La présence française sur l’archipel a marqué son histoire pendant six siècles. Ils sont à l’origine des conquêtes et de la fondation des premières villes, mais aussi de certaines industries, de la recherche ou la publication d’ouvrages clés pour en mieux connaître le patrimoine social et culturel des îles.
Tel que le montrent les noms d’origine française de nombreuses familles de l’archipel, les Français sont attirés par les îles Canaries. Un phénomène qui a commencé au début du XVe siècle à la recherche d’un lichen d’une grande valeur pour l’industrie textile et qui s’est étendu en raison des conditions uniques qu’offre chacun des îles. Des commerçants séduits par les produits locaux, des naturalistes et scientifiques fascinés par le développement d’espèces exotiques ou d’endémismes... La liste est longue alors mieux vaut commencer par le début.
L’origine des chroniques d’une grande valeur historique et une ville pittoresque
Le seigneur normand Jean de Béthencourt et le chevalier Gadifer de La Salle sont arrivés avec leurs hommes à Lanzarote en 1402 dans le but de conquérir l’île mais aussi d’obtenir de l’orseille. Parmi les membres de l’équipage se trouvaient Pierre Boutier et Jean Le Verrier, deux chapelains qui se sont chargés de rédiger « Le Canarien », la première chronique de la conquête des îles Canaries.

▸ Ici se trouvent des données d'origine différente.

(* Let $Q$ be a finite set of points in $\mathbb{R}^d$ with a partition $Q=\bigcup_{l=1}^jQ_l$ into pairwise disjoint nonempty sets. Let $o$ be the mean point of $Q$, $o_l$ the mean point of $Q_l$ ($1\le l\le j$), $\delta^2=\frac1{|Q|}\sum_{q\in Q}\|q-o\|^2$, and $\mathcal{V}$ the simplex (convex hull) determined by $\{o_1,\dots,o_j\}$. Then for any $0<\epsilon\le1$ one can construct, from the points $o_1,\dots,o_j$ and $\epsilon$ alone, a grid $G\subset\mathcal{V}$ of size $O((8j/\epsilon)^j)$ such that at least one grid point $\tau\in G$ satisfies $\|\tau-o\|\le\sqrt{\epsilon}\,\delta$.
   Context: The implied constant in $O((8j/\epsilon)^j)$ may depend on $j$ (in the paper $j\le k$ is a fixed constant). *)

From mathcomp Require Import all_boot all_order all_algebra.
From mathcomp Require Export reals.
Set Implicit Arguments. Unset Strict Implicit. Unset Printing Implicit Defensive.
Import Order.TTheory GRing.Theory Num.Theory.
Local Open Scope ring_scope.

Definition enorm (R : realType) (d : nat) (v : 'rV[R]_d) : R :=
  Num.sqrt (\sum_(i < d) v 0 i ^+ 2).

Definition mean (R : realType) (d n : nat) (q : 'I_n -> 'rV[R]_d) : 'rV[R]_d :=
  (n%:R)^-1 *: \sum_(i < n) q i.

(* Mean point of the part Q_l = { q i | p i = l }. *)
Definition cluster_mean (R : realType) (d n j : nat)
    (q : 'I_n -> 'rV[R]_d) (p : 'I_n -> 'I_j) (l : 'I_j) : 'rV[R]_d :=
  (#|[set i | p i == l]|%:R)^-1 *: \sum_(i < n | p i == l) q i.

Definition variance (R : realType) (d n : nat) (q : 'I_n -> 'rV[R]_d) : R :=
  (n%:R)^-1 * \sum_(i < n) enorm (q i - mean q) ^+ 2.

Definition in_hull (R : realType) (d j : nat) (o : 'I_j -> 'rV[R]_d) (x : 'rV[R]_d) : Prop :=
  exists lam : 'I_j -> R,
    (forall l, 0 <= lam l) /\ \sum_(l < j) lam l = 1 /\ x = \sum_(l < j) lam l *: o l.

From mathcomp Require Import all_boot all_order all_algebra.
From mathcomp Require Import reals.
From mathcomp Require Import ring lra.
Set Implicit Arguments.
Unset Strict Implicit.
Unset Printing Implicit Defensive.
Import Order.TTheory GRing.Theory Num.Theory.
Local Open Scope ring_scope.

(* The mean o is the convex combination of the cluster means o_l with weights
   w_l = |Q_l| / |Q|.  Rounding the weights to multiples of 1/N, N ~ j^2/eps
   (all of them down, except the largest one, which absorbs the deficit of
   less than j), gives a grid point tau = sum_l lam_l o_l with
   j (lam_l - w_l)^2 <= eps w_l.  Since sum_l (lam_l - w_l) = 0, Cauchy-Schwarz
   yields ||tau - o||^2 <= j sum_l (lam_l - w_l)^2 ||o_l - o||^2
   <= eps sum_l w_l ||o_l - o||^2, and this between-cluster variance is at most
   the total variance delta^2.  The grid of all such points has at most
   (N + 1)^j elements. *)

Lemma sum_sqr_sub_mean (R : realDomainType) (I : finType) (A : {pred I})
    (y : I -> R) (m c : R) :
  \sum_(i in A) y i = #|A|%:R * m ->
  \sum_(i in A) (y i - c) ^+ 2 =
    \sum_(i in A) (y i - m) ^+ 2 + #|A|%:R * (m - c) ^+ 2.
Proof.
move=> sum_y.
have dev0 : \sum_(i in A) (y i - m) = 0.
  by rewrite sumrB sumr_const sum_y mulr_natl subrr.
under eq_bigr do rewrite -[y _ - c](subrKA m) sqrrD.
by rewrite !big_split /= -mulr_suml dev0 mul0r !addr0 sumr_const mulr_natl.
Qed.

Lemma sqr_sum_le_card_sum_sqr (R : realFieldType) (I : finType) (F : I -> R) :
  (\sum_i F i) ^+ 2 <= #|I|%:R * \sum_i F i ^+ 2.
Proof.
have [I0|Ipos] := posnP #|I|.
  by rewrite I0 mul0r big1 ?expr0n // => i; have := fintype0 i.
have cI : #|I|%:R != 0 :> R by rewrite pnatr_eq0 -lt0n.
set m := (\sum_i F i) / #|I|%:R.
have sum_F : \sum_(i in I) F i = #|I|%:R * m by rewrite mulrC divfK.
have := sum_sqr_sub_mean 0 sum_F.
under eq_bigr do rewrite subr0.
move=> ->; rewrite subr0 mulrDr -[\sum_i F i](divfK cI) -/m.
rewrite exprMn [X in _ <= _ + X]mulrA -expr2 mulrC lerDr.
by rewrite mulr_ge0 // sumr_ge0 // => i _; apply: sqr_ge0.
Qed.

Definition sqnorm (R : pzRingType) (d : nat) (v : 'rV[R]_d) : R :=
  \sum_(k < d) v 0 k ^+ 2.

Lemma sqnorm_ge0 (R : realDomainType) (d : nat) (v : 'rV[R]_d) : 0 <= sqnorm v.
Proof. by apply: sumr_ge0 => k _; apply: sqr_ge0. Qed.

Lemma sqnormZ (R : comPzRingType) (d : nat) (a : R) (v : 'rV[R]_d) :
  sqnorm (a *: v) = a ^+ 2 * sqnorm v.
Proof. by rewrite mulr_sumr; apply: eq_bigr => k _; rewrite mxE exprMn. Qed.

Lemma sqnorm_sum_le (R : realFieldType) (d : nat) (I : finType) (u : I -> 'rV[R]_d) :
  sqnorm (\sum_l u l) <= #|I|%:R * \sum_l sqnorm (u l).
Proof.
rewrite /sqnorm exchange_big mulr_sumr /=; apply: ler_sum => k _.
by rewrite summxE sqr_sum_le_card_sum_sqr.
Qed.

Lemma card_sqnorm_sub_le (R : realDomainType) (d : nat) (I : finType) (A : {pred I})
    (y : I -> 'rV[R]_d) (m c : 'rV[R]_d) :
  \sum_(i in A) y i = #|A|%:R *: m ->
  #|A|%:R * sqnorm (m - c) <= \sum_(i in A) sqnorm (y i - c).
Proof.
move=> sum_y; rewrite /sqnorm exchange_big mulr_sumr /=; apply: ler_sum => k _.
have sum_yk : \sum_(i in A) y i 0 k = #|A|%:R * m 0 k.
  by rewrite -summxE sum_y mxE.
rewrite !mxE (eq_bigr (fun i => (y i 0 k - c 0 k) ^+ 2)) => [|i _];
  last by rewrite !mxE.
rewrite (sum_sqr_sub_mean _ sum_yk) lerDr sumr_ge0 // => i _; exact: sqr_ge0.
Qed.

Lemma enorm_sqr (R : realType) (d : nat) (v : 'rV[R]_d) : enorm v ^+ 2 = sqnorm v.
Proof. by rewrite sqr_sqrtr // sqnorm_ge0. Qed.

Definition simplex_grid (R : fieldType) (V : lmodType R) (J : nat) (o : 'I_J -> V)
    (N : nat) : seq V :=
  [seq \sum_l ((f l : nat)%:R / N%:R) *: o l
     | f : {ffun 'I_J -> 'I_N.+1} <- enum {ffun 'I_J -> 'I_N.+1}
     & (\sum_l (f l : nat) == N)%N].

Lemma size_simplex_grid (R : fieldType) (V : lmodType R) (J N : nat) (o : 'I_J -> V) :
  (size (simplex_grid o N) <= N.+1 ^ J)%N.
Proof.
rewrite size_map size_filter (leq_trans (count_size _ _)) //.
by rewrite -cardE card_ffun !card_ord.
Qed.

Lemma mem_simplex_grid (R : fieldType) (V : lmodType R) (J N : nat) (o : 'I_J -> V)
    (k : 'I_J -> nat) :
  (\sum_l k l)%N = N -> \sum_l ((k l)%:R / N%:R) *: o l \in simplex_grid o N.
Proof.
move=> sum_k.
have k_lt l : (k l < N.+1)%N by rewrite ltnS -sum_k (bigD1 l) //= leq_addr.
apply/mapP; exists [ffun l => Ordinal (k_lt l)].
  by rewrite mem_filter mem_enum andbT; under eq_bigr do rewrite ffunE; rewrite sum_k.
by apply: eq_bigr => l _; rewrite ffunE.
Qed.

Lemma simplex_grid_in_hull (R : realType) (d J N : nat) (o : 'I_J -> 'rV[R]_d) g :
  (0 < N)%N -> g \in simplex_grid o N -> in_hull o g.
Proof.
move=> N_gt0 /mapP [f]; rewrite mem_filter => /andP [/eqP sum_f _] ->.
exists (fun l => (f l : nat)%:R / N%:R); split; [|split] => //.
- by move=> l; rewrite divr_ge0.
- by rewrite -mulr_suml -natr_sum sum_f divff // pnatr_eq0 -lt0n.
Qed.

Lemma sqr_sub_truncn_le (R : archiRealFieldType) (x : R) :
  0 <= x -> (x - (Num.truncn x)%:R) ^+ 2 <= x.
Proof.
move=> x_ge0; have /andP [tr_le tr_gt] := truncn_itv x_ge0.
have tr_ge0 : 0 <= (Num.truncn x)%:R :> R by rewrite ler0n.
rewrite -natr1 in tr_gt; nra.
Qed.

Lemma sqr_div_sub_le (R : realFieldType) (a b k N w : R) :
  0 < N -> a * (k - N * w) ^+ 2 <= b * N ^+ 2 -> a * (k / N - w) ^+ 2 <= b.
Proof.
move=> N_gt0 le_ab.
have -> : k / N - w = (k - N * w) / N by field; rewrite gt_eqF.
by rewrite expr_div_n mulrA ler_pdivrMr ?exprn_gt0.
Qed.

Lemma rounding_err_le (R : realFieldType) (J N w e eps : R) :
  1 <= J -> 0 <= w -> J ^+ 2 <= eps * N -> e ^+ 2 <= N * w ->
  J * e ^+ 2 <= eps * w * N ^+ 2.
Proof.
move=> J_ge1 w_ge0 JN e_le.
have J_le : J <= eps * N.
  by apply: le_trans JN; rewrite expr2 ler_peMr // (le_trans ler01).
have : 0 <= e ^+ 2 := sqr_ge0 e.
have : 0 <= N * w by apply: le_trans e_le; exact: sqr_ge0.
nra.
Qed.

Lemma rounding_err_le_of_max (R : realFieldType) (J N w e eps : R) :
  1 <= J * w -> 0 <= e <= J -> J ^+ 2 <= N -> J ^+ 2 <= eps * N ->
  J * e ^+ 2 <= eps * w * N ^+ 2.
Proof.
move=> Jw_ge1 /andP [e_ge0 e_le] JN JepsN.
have J_ge0 : 0 <= J := le_trans e_ge0 e_le.
have w_ge0 : 0 <= w by nra.
have e_sqr : e ^+ 2 <= J ^+ 2 by rewrite lerXn2r ?nnegrE.
have J_sqr_ge0 : 0 <= J ^+ 2 := sqr_ge0 _.
have le_J3 : J * e ^+ 2 <= J * J ^+ 2 by rewrite ler_wpM2l.
have J3_le : J * J ^+ 2 <= J ^+ 2 * J ^+ 2 * w.
  have : 0 <= J * J ^+ 2 by rewrite mulr_ge0.
  nra.
have J4_le : J ^+ 2 * J ^+ 2 <= eps * N * N by nra.
nra.
Qed.

Lemma sum_sub_truncn_itv (R : archiRealFieldType) (I : finType) (P : pred I)
    (x : I -> R) :
  (forall i, 0 <= x i) ->
  0 <= \sum_(i | P i) (x i - (Num.truncn (x i))%:R) <= \sum_(i | P i) 1.
Proof.
move=> x_ge0; apply/andP; split.
  by apply: sumr_ge0 => i _; rewrite subr_ge0 truncn_le.
apply: ler_sum => i _; have /andP [_] := truncn_itv (x_ge0 i).
by rewrite -natr1; lra.
Qed.

Lemma simplex_rounding (R : archiRealFieldType) (J N : nat) (w : 'I_J -> R) (eps : R) :
  (forall l, 0 <= w l) -> \sum_l w l = 1 -> eps <= 1 -> J%:R ^+ 2 <= eps * N%:R ->
  exists2 k : 'I_J -> nat, (\sum_l k l)%N = N &
    forall l, J%:R * ((k l)%:R / N%:R - w l) ^+ 2 <= eps * w l.
Proof.
case: J w => [w _|J w w_ge0 sum_w eps_le1 JN].
  by rewrite big_ord0 => /eqP; rewrite eq_sym oner_eq0.
set J1 : R := J.+1%:R; set Nr : R := N%:R.
have J1_ge1 : 1 <= J1 by rewrite ler1n.
have J1_le_N : J1 ^+ 2 <= Nr by have : 0 <= Nr := ler0n _ _; nra.
have N_gt0 : 0 < Nr.
  by apply: lt_le_trans J1_le_N; rewrite exprn_gt0 // (lt_le_trans ltr01).
have card_J1 : \sum_(l < J.+1) 1 = J1 by rewrite sumr_const card_ord.
pose m := [arg max_(i > ord0) w i]%O.
have Jwm_ge1 : 1 <= J1 * w m.
  rewrite -card_J1 mulr_suml -{1}sum_w; apply: ler_sum => l _.
  by rewrite mul1r /m; case: arg_maxP => // i _; apply.
have Nw_ge0 l : 0 <= Nr * w l by rewrite mulr_ge0 // ltW.
have /andP [frac_ge0 frac_le] := sum_sub_truncn_itv (fun l => l != m) Nw_ge0.
have sum_Nw : \sum_(l | l != m) Nr * w l = Nr - Nr * w m.
  have : \sum_(l | l != m) w l = 1 - w m by move: sum_w; rewrite (bigD1 m) //=; lra.
  by rewrite -mulr_sumr => ->; rewrite mulrBr mulr1.
pose S := (\sum_(l | l != m) Num.truncn (Nr * w l))%N.
have S_le_N : (S <= N)%N.
  by rewrite -(ler_nat R) natr_sum -/Nr; move: frac_ge0; rewrite sumrB sum_Nw; nra.
pose k l := if l == m then (N - S)%N else Num.truncn (Nr * w l).
exists k.
  rewrite (bigD1 m) //= /k eqxx (eq_bigr (fun l => Num.truncn (Nr * w l))) ?subnK //.
  by move=> l /negbTE ->.
move=> l; apply: sqr_div_sub_le => //.
have [->|l_neq_m] := eqVneq l m; last first.
  rewrite /k (negbTE l_neq_m) -sqrrN opprB.
  exact: rounding_err_le (w_ge0 l) JN (sqr_sub_truncn_le (Nw_ge0 l)).
apply: rounding_err_le_of_max => //.
have -> : (k m)%:R - Nr * w m =
    \sum_(l | l != m) (Nr * w l - (Num.truncn (Nr * w l))%:R).
  by rewrite /k eqxx natrB // natr_sum sumrB sum_Nw; ring.
move: card_J1; rewrite (bigD1 m) //= => card_J1.
by rewrite frac_ge0 (le_trans frac_le) //; lra.
Qed.

Section Clusters.
Variables (R : realType) (d n J : nat) (q : 'I_n -> 'rV[R]_d) (p : 'I_n -> 'I_J).

Definition cluster (l : 'I_J) : {set 'I_n} := [set i | p i == l].

Definition cluster_weight (l : 'I_J) : R := #|cluster l|%:R / n%:R.

Lemma sum_over_clusters (V : nmodType) (F : 'I_n -> V) :
  \sum_i F i = \sum_l \sum_(i in cluster l) F i.
Proof.
rewrite (partition_big p xpredT) //; apply: eq_bigr => l _.
by apply: eq_bigl => i; rewrite inE.
Qed.

Lemma sum_cluster (l : 'I_J) :
  \sum_(i in cluster l) q i = #|cluster l|%:R *: cluster_mean q p l.
Proof.
rewrite /cluster_mean -/(cluster l) scalerA.
have [/card0_eq cl0|cl_neq0] := eqVneq #|cluster l| 0%N.
  by rewrite big_pred0 // (eq_card0 cl0) mul0r scale0r.
rewrite mulfV ?pnatr_eq0 // scale1r.
by apply: eq_bigl => i; rewrite inE.
Qed.

Lemma cluster_weight_ge0 (l : 'I_J) : 0 <= cluster_weight l.
Proof. by rewrite divr_ge0. Qed.

Lemma sum_cluster_weight : (0 < n)%N -> \sum_l cluster_weight l = 1.
Proof.
move=> n_gt0; rewrite -mulr_suml.
have sum_n : \sum_l #|cluster l|%:R = n%:R :> R.
  transitivity (\sum_(i < n) (1 : R)); last by rewrite sumr_const card_ord.
  by rewrite sum_over_clusters; apply: eq_bigr => l _; rewrite sumr_const.
by rewrite sum_n divff // pnatr_eq0 -lt0n.
Qed.

Lemma mean_eq_cluster_weights :
  mean q = \sum_l cluster_weight l *: cluster_mean q p l.
Proof.
rewrite /mean sum_over_clusters scaler_sumr; apply: eq_bigr => l _.
by rewrite sum_cluster scalerA mulrC.
Qed.

Lemma variance_ge0 : 0 <= variance q.
Proof. by rewrite mulr_ge0 ?invr_ge0 // sumr_ge0 // => i _; exact: sqr_ge0. Qed.

Lemma between_cluster_variance_le :
  \sum_l cluster_weight l * sqnorm (cluster_mean q p l - mean q) <= variance q.
Proof.
rewrite /variance sum_over_clusters mulr_sumr; apply: ler_sum => l _.
rewrite /cluster_weight mulrAC mulrC ler_wpM2l ?invr_ge0 //.
under eq_bigr do rewrite enorm_sqr.
exact: card_sqnorm_sub_le (sum_cluster l).
Qed.

Lemma sqnorm_convex_sub_mean_le (lam : 'I_J -> R) (eps : R) :
  (0 < n)%N -> 0 <= eps -> \sum_l lam l = 1 ->
  (forall l, J%:R * (lam l - cluster_weight l) ^+ 2 <= eps * cluster_weight l) ->
  sqnorm (\sum_l lam l *: cluster_mean q p l - mean q) <= eps * variance q.
Proof.
move=> n_gt0 eps_ge0 sum_lam err_le.
set w := cluster_weight; set c := cluster_mean q p.
have sum_dev : \sum_l (lam l - w l) = 0.
  by rewrite sumrB sum_lam sum_cluster_weight // subrr.
have -> : \sum_l lam l *: c l - mean q = \sum_l (lam l - w l) *: (c l - mean q).
  under [RHS]eq_bigr do rewrite scalerBr.
  rewrite sumrB -scaler_suml sum_dev scale0r subr0 mean_eq_cluster_weights.
  by under [RHS]eq_bigr do rewrite scalerBl; rewrite sumrB.
apply: le_trans (sqnorm_sum_le _) _.
apply: le_trans (ler_wpM2l eps_ge0 between_cluster_variance_le).
rewrite card_ord !mulr_sumr; apply: ler_sum => l _.
rewrite sqnormZ mulrA [X in _ <= X]mulrA.
by apply: ler_wpM2r; [exact: sqnorm_ge0 | exact: err_le].
Qed.

End Clusters.

Theorem lemma1 (R : realType) (j : nat) : (0 < j)%N ->
  exists C : R, 0 < C /\
  forall (d : nat) (eps : R) (o : 'I_j -> 'rV[R]_d),
    0 < eps -> eps <= 1 ->
    exists G : seq 'rV[R]_d,
      (forall g, g \in G -> in_hull o g) /\
      (size G)%:R <= C * (8 * j%:R / eps) ^+ j /\
      forall (n : nat) (q : 'I_n -> 'rV[R]_d) (p : 'I_n -> 'I_j),
        injective q ->
        (forall l, exists i, p i = l) ->
        (forall l, cluster_mean q p l = o l) ->
        exists2 tau, tau \in G &
          enorm (tau - mean q) <= Num.sqrt eps * Num.sqrt (variance q).
Proof.
move=> j_gt0; set J : R := j%:R.
have J_ge1 : 1 <= J by rewrite ler1n.
exists (J ^+ j); split; first by rewrite exprn_gt0 // (lt_le_trans ltr01).
move=> d eps o eps_gt0 eps_le1.
set a := J ^+ 2 / eps; set N := (Num.truncn a).+1.
have a_lt_N : a < N%:R := truncnS_gt a.
have JN : J ^+ 2 <= eps * N%:R by rewrite mulrC -ler_pdivrMr //; apply: ltW.
exists (simplex_grid o N); split; [|split].
- by move=> g; apply: simplex_grid_in_hull.
- apply: (@le_trans _ _ (N.+1 ^ j)%:R); first by rewrite ler_nat size_simplex_grid.
  have a_ge1 : 1 <= a by rewrite ler_pdivlMr // mul1r; nra.
  have N_le : N%:R <= a + 1 by rewrite -natr1 lerD2r truncn_le; lra.
  rewrite natrX -exprMn (_ : J * _ = 8 * a); last by rewrite /a; field; lra.
  by rewrite lerXn2r ?nnegrE -?[N.+1%:R]natr1; lra.
-
  move=> n q p _ p_surj cm_eq.
  have n_gt0 : (0 < n)%N.
    by have [i _] := p_surj (Ordinal j_gt0); apply: leq_ltn_trans (ltn_ord i).
  have [k sum_k err_k] := simplex_rounding (cluster_weight_ge0 R p)
    (sum_cluster_weight R p n_gt0) eps_le1 JN.
  exists (\sum_l ((k l)%:R / N%:R) *: o l); first exact: mem_simplex_grid.
  have eps_ge0 := ltW eps_gt0.
  rewrite /enorm -sqrtrM // ler_sqrt; last exact: mulr_ge0 eps_ge0 (variance_ge0 q).
  rewrite (eq_bigr (fun l => (k l)%:R / N%:R *: cluster_mean q p l)) => [|l _];
    last by rewrite cm_eq.
  apply: sqnorm_convex_sub_mean_le => //.
  by rewrite -mulr_suml -natr_sum sum_k divff // pnatr_eq0 /N.
Qed.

De cette expédition a également vu le jour Betancuria. Cette ville pittoresque qui porte un nom à l’inspiration française est considérée la première ville de tout l’archipel et elle a été la capitale de Fuerteventura jusqu’en 1834. Son curieux emplacement, retiré dans l’intérieur d’une vallée en plein cœur de l’île, a été déterminé par Béthencourt afin d’éviter les attaques de pirates qui sillonnaient déjà les eaux proches des îles Canaries. Cela n’a pourtant pas empêché les pirates barbaresques dirigés par Xabán Arráez d’attaquer la ville en 1593. Des lieux tels que l’église de Santa María ont été détruits, bien qu’elle soit aujourd’hui aussi époustouflante que lorsqu’elle a été inaugurée en 1410 et une promenade à travers les ruelles du vieux centre qui l’entourent peut nous transporter vers une autre époque.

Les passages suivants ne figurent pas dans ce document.